**EXERCISE GOAL:**
List each line of the data in which the string "Crelabel" appears.

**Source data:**
(* Let $C=\{(s,t)\in\mathbb{Z}^\omega\times\mathbb{Z}^\omega\colon t_n\le s_n\le 0\text{ for every }n\in\omega\}$. Then: (a) for every $t\in\mathbb{Z}^\omega$ the section $\{s\in\mathbb{Z}^\omega\colon (s,t)\in C\}$ is Haar meager in $\mathbb{Z}^\omega$; (b) the set of those $s\in\mathbb{Z}^\omega$ for which the section $\{t\in\mathbb{Z}^\omega\colon (s,t)\in C\}$ is not Haar meager in $\mathbb{Z}^\omega$ is itself not Haar meager in $\mathbb{Z}^\omega$; (c) $C$ is not Haar meager in $\mathbb{Z}^\omega\times\mathbb{Z}^\omega$ (indeed $C$ contains a translate of every compact subset of $\mathbb{Z}^\omega\times\mathbb{Z}^\omega$).
   Context: $\mathbb{Z}^\omega$ is the abelian Polish group of all integer sequences with coordinatewise addition and the product topology (discrete topology on $\mathbb{Z}$). For an abelian Polish group $G$, a set $A\subseteq G$ is Haar meager if there exist a Borel set $B\supseteq A$, a compact metric space $K$ and a continuous map $f\colon K\to G$ such that $f^{-1}(x+B)$ is meager in $K$ for every $x\in G$. *)

From Stdlib Require Import Reals ZArith List.
Open Scope R_scope.

Inductive Borel {G : Type} (isOpen : (G -> Prop) -> Prop) : (G -> Prop) -> Prop :=
| Borel_open : forall U, isOpen U -> Borel isOpen U
| Borel_compl : forall S, Borel isOpen S -> Borel isOpen (fun x => ~ S x)
| Borel_union : forall S : nat -> G -> Prop,
    (forall n, Borel isOpen (S n)) -> Borel isOpen (fun x => exists n, S n x)
| Borel_ext : forall S T, Borel isOpen S -> (forall x, S x <-> T x) -> Borel isOpen T.

Definition compact_in {G : Type} (isOpen : (G -> Prop) -> Prop) (S : G -> Prop) : Prop :=
  forall (I : Type) (U : I -> G -> Prop),
    (forall i, isOpen (U i)) ->
    (forall x, S x -> exists i, U i x) ->
    exists l : list I, forall x, S x -> exists i, In i l /\ U i x.
(* Let $X$ be a linearly ordered set and let $n\ge6$ be even. Then $\mathrm{med}_3\in\langle\{m^n_{n/2}\}\rangle$ and $\mathrm{med}_3\in\langle\{m^n_{n/2+1}\}\rangle$; in each case $\mathrm{med}_3(x_1,x_2,x_3)$ is obtained by substituting into $m^n_{n/2}$ (resp. $m^n_{n/2+1}$) the tuple $(x_1,\dots,x_1,x_2,\dots,x_2,x_3,\dots,x_3)$ where $x_j$ occurs $\lfloor n/3\rfloor+1$ times if $j\le R(n/3)$ and $\lfloor n/3\rfloor$ times otherwise. Consequently these lower and upper medians generate all median functions $\mathrm{med}_m$, $m\ge3$ odd.
   Context: For $n\ge1$, $1\le k\le n$, $m^n_k(x_1,\dots,x_n)$ is the $k$-th smallest entry of $(x_1,\dots,x_n)$ (counted with multiplicity); for odd $m$, $\mathrm{med}_m=m^m_{(m+1)/2}$. $R(n/3)$ is the remainder of $n$ upon division by $3$. A clone on $X$ is a set of finitary operations containing all projections and closed under composition; $\langle\mathscr F\rangle$ is the smallest clone containing $\mathscr F$. *)

From mathcomp Require Import all_boot all_order.
Set Implicit Arguments. Unset Strict Implicit. Unset Printing Implicit Defensive.
Import Order.TTheory.

Definition op (X : Type) (k : nat) := ('I_k -> X) -> X.

Definition opset (X : Type) := forall k : nat, op X k -> Prop.

Definition is_clone (X : Type) (C : opset X) : Prop :=
  (forall (k : nat) (i : 'I_k), C k (fun x => x i)) /\
  (forall (n k : nat) (f : op X n) (g : 'I_n -> op X k),
      C n f -> (forall i, C k (g i)) -> C k (fun x => f (fun i => g i x))).

Definition generated (X : Type) (F : opset X) : opset X :=
  fun k f => forall C : opset X, is_clone C ->
    (forall k' g, F k' g -> C k' g) -> C k f.
Arguments generated {X} F k f.

Definition singleton_op (X : Type) (n : nat) (f : op X n) : opset X :=
  fun k g => existT (op X) k g = existT (op X) n f.

(* m^n_k (for n >= 1, witnessed by hn): the k-th smallest entry of
   (x_1,...,x_n), counted with multiplicity (1-based k). *)
Definition m_ {d : Order.disp_t} {X : orderType d} (n k : nat) (hn : (0 < n)%N)
  : op X n :=
  fun x => nth (x (Ordinal hn)) (sort (@Order.le d X) [seq x i | i <- enum 'I_n]) k.-1.

Arguments m_ {d X} n k hn.

Definition med {d : Order.disp_t} {X : orderType d} (m : nat) (hm : (0 < m)%N)
  : op X m := m_ m (m.+1./2) hm.
Arguments med {d X} m hm.

(* Block index of position i (0-based) in the tuple
   (x_1,..,x_1,x_2,..,x_2,x_3,..,x_3) of length n, where x_j (1-based)
   occurs n/3 + 1 times if j <= n %% 3 and n/3 times otherwise. *)
Definition block3 (n : nat) (i : nat) : 'I_3 :=
  let c0 := n %/ 3 + (0 < n %% 3) in
  let c1 := n %/ 3 + (1 < n %% 3) in
  if i < c0 then inord 0 else if i < c0 + c1 then inord 1 else inord 2.

From mathcomp Require Import all_boot all_order zify.
From Stdlib Require Import FunctionalExtensionality.
Set Implicit Arguments. Unset Strict Implicit. Unset Printing Implicit Defensive.
Import Order.TTheory.

(* Order statistics are compared through thresholds: [t <= m^n_k(x)] iff fewer
   than [k] entries of [x] lie below [t].  Substituting the three-block tuple,
   the number of entries below [t] is a sum of block sizes, and since one block
   has fewer than [n/2] entries while two blocks have more than [n/2], it stays
   below [n/2] (resp. [n/2 + 1]) exactly when at most one of [x1, x2, x3] is
   below [t], which is the threshold description of [med_3].
   For the generation of [med_m], consider the minors [x |-> med_N(x o h)] of
   [med_N], [N] odd.  If [h] takes three distinct values [p, q, r], the minor is
   [med_3] of the three minors obtained by merging the [q]-block into the
   [p]-block, [r] into [q] and [p] into [r]; each of these has fewer values, and
   a minor with at most two values is a projection, because one value is taken
   on a strict majority of the coordinates. *)

Section Clones.
Variable X : Type.

Lemma clone_minor (C : opset X) n k (g : op X n) (h : 'I_n -> 'I_k) :
  is_clone C -> C n g -> C k (fun x => g (fun i => x (h i))).
Proof. by move=> [Cproj Ccomp] Cg; apply: Ccomp => // i; apply: Cproj. Qed.

Lemma generated_is_clone (F : opset X) : is_clone (generated F).
Proof.
split=> [k i C [Cproj _] _ | n k f g Gf Gg C CC FC]; first exact: Cproj.
by case: (CC) => _ Ccomp; apply: Ccomp => [|i]; [apply: Gf | apply: Gg].
Qed.

Lemma generated_singleton n (f : op X n) : generated (singleton_op f) n f.
Proof. by move=> C _; apply. Qed.

End Clones.

Lemma count_iota_const (p : pred nat) m n b :
  (forall i, m <= i < m + n -> p i = b) -> count p (iota m n) = b * n.
Proof.
move=> H; rewrite (@eq_in_count _ _ (fun _ => b)); last first.
  by move=> i; rewrite mem_iota => /H.
by case: b {H} => /=; [rewrite count_predT size_iota mul1n | rewrite count_pred0].
Qed.

Lemma count_block3 n (P : pred 'I_3) :
  count (fun i : 'I_n => P (block3 n i)) (enum 'I_n) =
  P (inord 0) * (n %/ 3 + (0 < n %% 3)) + P (inord 1) * (n %/ 3 + (1 < n %% 3))
  + P (inord 2) * (n %/ 3).
Proof.
rewrite -[count _ _](count_map val (fun j => P (block3 n j))) val_enum_ord.
set c0 := n %/ 3 + _; set c1 := n %/ 3 + _.
have En : n = c0 + (c1 + n %/ 3).
  by rewrite /c0 /c1 {1}(divn_eq n 3); case: (n %% 3) (ltn_mod n 3) => [|[|[|]]] //=; lia.
rewrite [in iota 0 n]En (iotaD 0 c0) add0n (iotaD c0 c1) !count_cat addnA.
rewrite (@count_iota_const _ 0 c0 (P (inord 0))); last first.
  by move=> i /andP[_ hi]; rewrite /block3 -/c0 ifT.
rewrite (@count_iota_const _ c0 c1 (P (inord 1))); last first.
  by move=> i /andP[h0 h1]; rewrite /block3 -/c0 -/c1 ifF ?ifT //; lia.
rewrite (@count_iota_const _ (c0 + c1) _ (P (inord 2))) // => i /andP[h1 _].
by rewrite /block3 -/c0 -/c1 ifF ?ifF //; lia.
Qed.

(* A single block has fewer than [n/2] entries, while any two blocks together
   have at least [n/2 + 1]; this is where [6 <= n] is needed. *)
Lemma block3_count_ltn n K (b0 b1 b2 : bool) : 6 <= n -> ~~ odd n ->
  n./2 <= K <= (n./2).+1 ->
  (b0 * (n %/ 3 + (0 < n %% 3)) + b1 * (n %/ 3 + (1 < n %% 3)) + b2 * (n %/ 3) < K)
  = (b0 + b1 + b2 < 2).
Proof.
move=> n6 ev hK; have := odd_double_half n; rewrite (negbTE ev) add0n -addnn.
have := divn_eq n 3; case: (n %% 3) (ltn_mod n 3) => [|[|[|r]]] //= _;
  case: b0; case: b1; case: b2 => /=; lia.
Qed.

Definition relabel a N (h : 'I_N -> 'I_a) (p q : 'I_a) : 'I_N -> 'I_a :=
  fun s => if h s == p then q else h s.

Lemma card_relabel_lt a N (h : 'I_N -> 'I_a) p q :
  p \in h @: setT -> q \in h @: setT -> p != q ->
  #|relabel h p q @: setT| < #|h @: setT|.
Proof.
move=> hp hq pq; rewrite [#|h @: _|](cardsD1 p) hp add1n ltnS; apply: subset_leq_card.
apply/subsetP => _ /imsetP[s _ ->]; rewrite /relabel.
case: ifP => [_|hs]; rewrite !inE; first by rewrite eq_sym pq hq.
by rewrite hs imset_f ?inE.
Qed.

Lemma count_relabel_le a N (h : 'I_N -> 'I_a) p q (P : pred 'I_a) :
  P q ==> P p -> count (P \o relabel h p q) (enum 'I_N) <= count (P \o h) (enum 'I_N).
Proof.
by move=> Pqp; apply: sub_count => s /=; rewrite /relabel; case: eqP => [->|//]; apply/implyP.
Qed.

Lemma count_relabel_ge a N (h : 'I_N -> 'I_a) p q (P : pred 'I_a) :
  P p ==> P q -> count (P \o h) (enum 'I_N) <= count (P \o relabel h p q) (enum 'I_N).
Proof.
by move=> Ppq; apply: sub_count => s /=; rewrite /relabel; case: eqP => [->|//]; apply/implyP.
Qed.

Lemma ltn_median3 (bp bq br : bool) c cqp crq cpr k :
  (bp ==> bq -> cqp <= c) -> (bq ==> bp -> c <= cqp) ->
  (bq ==> br -> crq <= c) -> (br ==> bq -> c <= crq) ->
  (br ==> bp -> cpr <= c) -> (bp ==> br -> c <= cpr) ->
  (c < k) = ((k <= cqp) + (k <= crq) + (k <= cpr) < 2).
Proof.
move=> /implyP H1 /implyP H2 /implyP H3 /implyP H4 /implyP H5 /implyP H6.
by case: bp bq br H1 H2 H3 H4 H5 H6 => [] [] [] /=; lia.
Qed.

Section OrderStatistics.
Variables (d : Order.disp_t) (X : orderType d).

Lemma le_nth_sorted (s : seq X) (z t : X) k : sorted <=%O s -> 0 < k <= size s ->
  (t <= nth z s k.-1)%O = (count (fun y => y < t)%O s < k).
Proof.
move=> so /andP[k0 ks].
have le_nth i j : i <= j -> j < size s -> (nth z s i <= nth z s j)%O.
  move=> ij js; apply: (sorted_leq_nth le_trans le_refl) => //.
  by rewrite inE; apply: leq_ltn_trans js.
have -> : count (fun y => y < t)%O s =
          count (fun i => nth z s i < t)%O (iota 0 (size s)).
  by rewrite -{1}(mkseq_nth z s) /mkseq count_map.
have -> : size s = k.-1 + (size s - k.-1) by lia.
rewrite iotaD count_cat add0n.
case: leP => [tle|ltt].
- rewrite (@count_iota_const _ k.-1 _ false) ?muln0 ?addn0; last first.
    move=> i /andP[ki ik]; apply/negbTE; rewrite -leNgt.
    by apply: le_trans tle (le_nth _ _ ki _); lia.
  by have := count_size (fun i => (nth z s i < t)%O) (iota 0 k.-1); rewrite size_iota; lia.
- symmetry; apply/negbTE; rewrite -leqNgt.
  have -> : size s - k.-1 = 1 + (size s - k) by lia.
  rewrite iotaD count_cat (@count_iota_const _ 0 _ true); last first.
    by move=> i /andP[_ ik]; apply: le_lt_trans ltt; apply: le_nth; lia.
  by rewrite /= ltt mul1n; lia.
Qed.

Lemma le_nth_sort (s : seq X) (z t : X) k : 0 < k <= size s ->
  (t <= nth z (sort <=%O s) k.-1)%O = (count (fun y => y < t)%O s < k).
Proof.
move=> hk; rewrite le_nth_sorted ?size_sort ?sort_sorted //; last exact: le_total.
by rewrite (permP (permEl (perm_sort _ s))).
Qed.

Lemma eq_le_lower (a b : X) : (forall t, (t <= a)%O = (t <= b)%O) -> a = b.
Proof. by move=> H; apply/le_anti; rewrite -H lexx /= H lexx. Qed.

Lemma le_m (n k : nat) (hn : 0 < n) (x : 'I_n -> X) t : 0 < k <= n ->
  (t <= m_ n k hn x)%O = (count (fun i => x i < t)%O (enum 'I_n) < k).
Proof. by move=> hk; rewrite /m_ le_nth_sort ?count_map // size_map size_enum_ord. Qed.

Lemma le_med (n : nat) (hn : 0 < n) (x : 'I_n -> X) t :
  (t <= med n hn x)%O = (count (fun i => x i < t)%O (enum 'I_n) < n.+1./2).
Proof. by rewrite le_m //; apply/andP; split; lia. Qed.

Lemma enum_ord3 : enum 'I_3 = [:: inord 0; inord 1; inord 2].
Proof. by apply: (inj_map val_inj); rewrite val_enum_ord /= !inordK. Qed.

Lemma le_med3 (y : 'I_3 -> X) t : (t <= med 3 isT y)%O =
  ((y (inord 0) < t)%O + (y (inord 1) < t)%O + (y (inord 2) < t)%O < 2).
Proof. by rewrite le_med enum_ord3 /= addn0 addnA. Qed.

Lemma med3_block3 n K (hn : 0 < n) (x : 'I_3 -> X) : 6 <= n -> ~~ odd n ->
  n./2 <= K <= (n./2).+1 -> med 3 isT x = m_ n K hn (fun i => x (block3 n i)).
Proof.
move=> n6 ev hK; apply: eq_le_lower => t.
have := odd_double_half n; rewrite (negbTE ev) add0n -addnn => halfn.
rewrite le_med3 le_m; last by apply/andP; split; lia.
by rewrite (count_block3 n (fun j => x j < t)%O) block3_count_ltn.
Qed.

End OrderStatistics.

Section MedianMinors.
Variables (d : Order.disp_t) (X : orderType d).

(* [F x = med_N (x (h 0), ..., x (h (N-1)))], stated through thresholds so that
   no proof of [0 < N] is carried around. *)
Definition med_minor a N (h : 'I_N -> 'I_a) (F : op X a) :=
  forall x t, (t <= F x)%O = (count (fun s => x (h s) < t)%O (enum 'I_N) < N.+1./2).

Lemma med_minor_med a N (h : 'I_N -> 'I_a) (hN : 0 < N) :
  med_minor h (fun x => med N hN (fun s => x (h s))).
Proof. by move=> x t; rewrite le_med. Qed.

Lemma med_minor_majority a N (h : 'I_N -> 'I_a) F (P : pred 'I_N) w :
  odd N -> med_minor h F -> (forall s, P s -> h s = w) ->
  N.+1./2 <= count P (enum 'I_N) -> forall x, F x = x w.
Proof.
move=> oN hF hP hc x; apply: eq_le_lower => t; rewrite hF.
have := count_predC P (enum 'I_N); rewrite size_enum_ord.
have := odd_double_half N; rewrite oN -addnn => halfN hPC.
case: (ltP (x w) t) => [lt|ge].
- apply/negbTE; rewrite -leqNgt; apply: leq_trans hc _; apply: sub_count => s Ps.
  by rewrite (hP _ Ps).
- apply: leq_ltn_trans (_ : count (predC P) (enum 'I_N) < _); last by lia.
  by apply: sub_count => s /=; apply: contraTN => Ps; rewrite (hP _ Ps) -leNgt.
Qed.

Lemma med_minor_two_valued a N (h : 'I_N -> 'I_a) F : odd N -> med_minor h F ->
  (forall i j l, [|| h i == h j, h j == h l | h i == h l]) ->
  exists w, F = fun x => x w.
Proof.
move=> oN hF two; set s0 := Ordinal (odd_gt0 oN).
have := odd_double_half N; rewrite oN -addnn => halfN.
have := count_predC (fun s => h s == h s0) (enum 'I_N); rewrite size_enum_ord => hC.
case: (leqP N.+1./2 (count (fun s => h s == h s0) (enum 'I_N))) => [maj|min].
  by exists (h s0); apply: functional_extensionality; apply: med_minor_majority maj => // s /eqP.
have /hasP[j _ /= hj] : has (predC (fun s => h s == h s0)) (enum 'I_N).
  by rewrite has_count; lia.
exists (h j); apply: functional_extensionality.
apply: (med_minor_majority (P := predC (fun s => h s == h s0))) => //; last by lia.
move=> s /= hs; move: (two s0 j s).
by rewrite (eq_sym (h s0)) (negbTE hj) (eq_sym (h s0)) (negbTE hs) orbF => /eqP.
Qed.

(* Of the three values [x p], [x q], [x r] two lie on the same side of [t], so
   one of the relabellings preserves the number of entries below [t] and the
   other two move it in opposite directions: that number is the median of the
   three relabelled counts. *)
Lemma med_minor_relabel_med3 a N (h : 'I_N -> 'I_a) (hN : 0 < N) F (p q r : 'I_a) :
  med_minor h F ->
  let G u v : op X a := fun x => med N hN (fun s => x (relabel h u v s)) in
  F = fun x => med 3 isT (fun k => nth (G q p) [:: G q p; G r q; G p r] k x).
Proof.
move=> hF G; apply: functional_extensionality => x; apply: eq_le_lower => t.
rewrite hF le_med3 !inordK //= !ltNge !le_med -!leqNgt.
apply: (@ltn_median3 (x p < t)%O (x q < t)%O (x r < t)%O);
  by [exact: (@count_relabel_le _ _ h _ _ (fun v => x v < t)%O)
     | exact: (@count_relabel_ge _ _ h _ _ (fun v => x v < t)%O)].
Qed.

Lemma clone_med_minor (C : opset X) a N (h : 'I_N -> 'I_a) F :
  is_clone C -> C 3 (med 3 isT) -> odd N -> med_minor h F -> C a F.
Proof.
move=> CC C3 oN; have [c] := ubnP #|h @: setT|; elim: c => // c IH in h F *.
rewrite ltnS => hc hF; have hN := odd_gt0 oN.
case: (boolP [exists i, exists j, exists l, [&& h i != h j, h j != h l & h i != h l]]).
- move=> /existsP[i /existsP[j /existsP[l /and3P[ij jl il]]]].
  have Crelabel u v : h u != h v ->
      C a (fun x => med N hN (fun s => x (relabel h (h u) (h v) s))).
    move=> uv; apply: IH (med_minor_med _ hN); apply: leq_trans hc.
    by apply: card_relabel_lt uv; rewrite imset_f ?inE.
  rewrite (med_minor_relabel_med3 hN (h i) (h j) (h l) hF).
  case: CC => _ Ccomp; apply: Ccomp C3 _ => -[[|[|[|k]]] //= _];
    by apply: Crelabel; rewrite // eq_sym.
- move=> /existsPn none; have [|w ->] := med_minor_two_valued oN hF; last by case: CC.
  move=> i j l; move: (none i) => /existsPn /(_ j) /existsPn /(_ l).
  by rewrite !negb_and !negbK.
Qed.

Lemma clone_med (C : opset X) m (hm : 0 < m) :
  is_clone C -> C 3 (med 3 isT) -> odd m -> C m (med m hm).
Proof. by move=> CC C3 om; apply: clone_med_minor CC C3 om (med_minor_med id hm). Qed.

End MedianMinors.

Theorem mainTheorem13 (d : Order.disp_t) (X : orderType d) (n : nat)
  (hn6 : 6 <= n) (hev : ~~ odd n) :
  let hn : 0 < n := @leq_trans 6 1 n isT hn6 in
  let lo : op X n := m_ n (n./2) hn in
  let hi : op X n := m_ n (n./2).+1 hn in
  let med3 : op X 3 := med 3 isT in
  [/\ (forall x : 'I_3 -> X, med3 x = lo (fun i => x (block3 n i))),
      generated (singleton_op lo) 3 med3,
      (forall x : 'I_3 -> X, med3 x = hi (fun i => x (block3 n i))),
      generated (singleton_op hi) 3 med3 &
      (forall (m : nat) (hm : 0 < m), 3 <= m -> odd m ->
         generated (singleton_op lo) m (med m hm) /\
         generated (singleton_op hi) m (med m hm))].
Proof.
move=> hn lo hi med3.
have Elo x : med3 x = lo (fun i => x (block3 n i)) by apply: med3_block3; rewrite ?leqnn ?leqnSn.
have Ehi x : med3 x = hi (fun i => x (block3 n i)) by apply: med3_block3; rewrite ?leqnn ?leqnSn.
have Glo : generated (singleton_op lo) 3 med3.
  rewrite (functional_extensionality _ _ Elo).
  exact: clone_minor _ (generated_is_clone _) (@generated_singleton _ _ lo).
have Ghi : generated (singleton_op hi) 3 med3.
  rewrite (functional_extensionality _ _ Ehi).
  exact: clone_minor _ (generated_is_clone _) (@generated_singleton _ _ hi).
split=> // m hm _ om.
by split; [apply: clone_med (generated_is_clone _) Glo om
           | apply: clone_med (generated_is_clone _) Ghi om].
Qed.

**SOLUTION TO THIS EXERCISE:**
  have Crelabel u v : h u != h v ->
    by apply: Crelabel; rewrite // eq_sym.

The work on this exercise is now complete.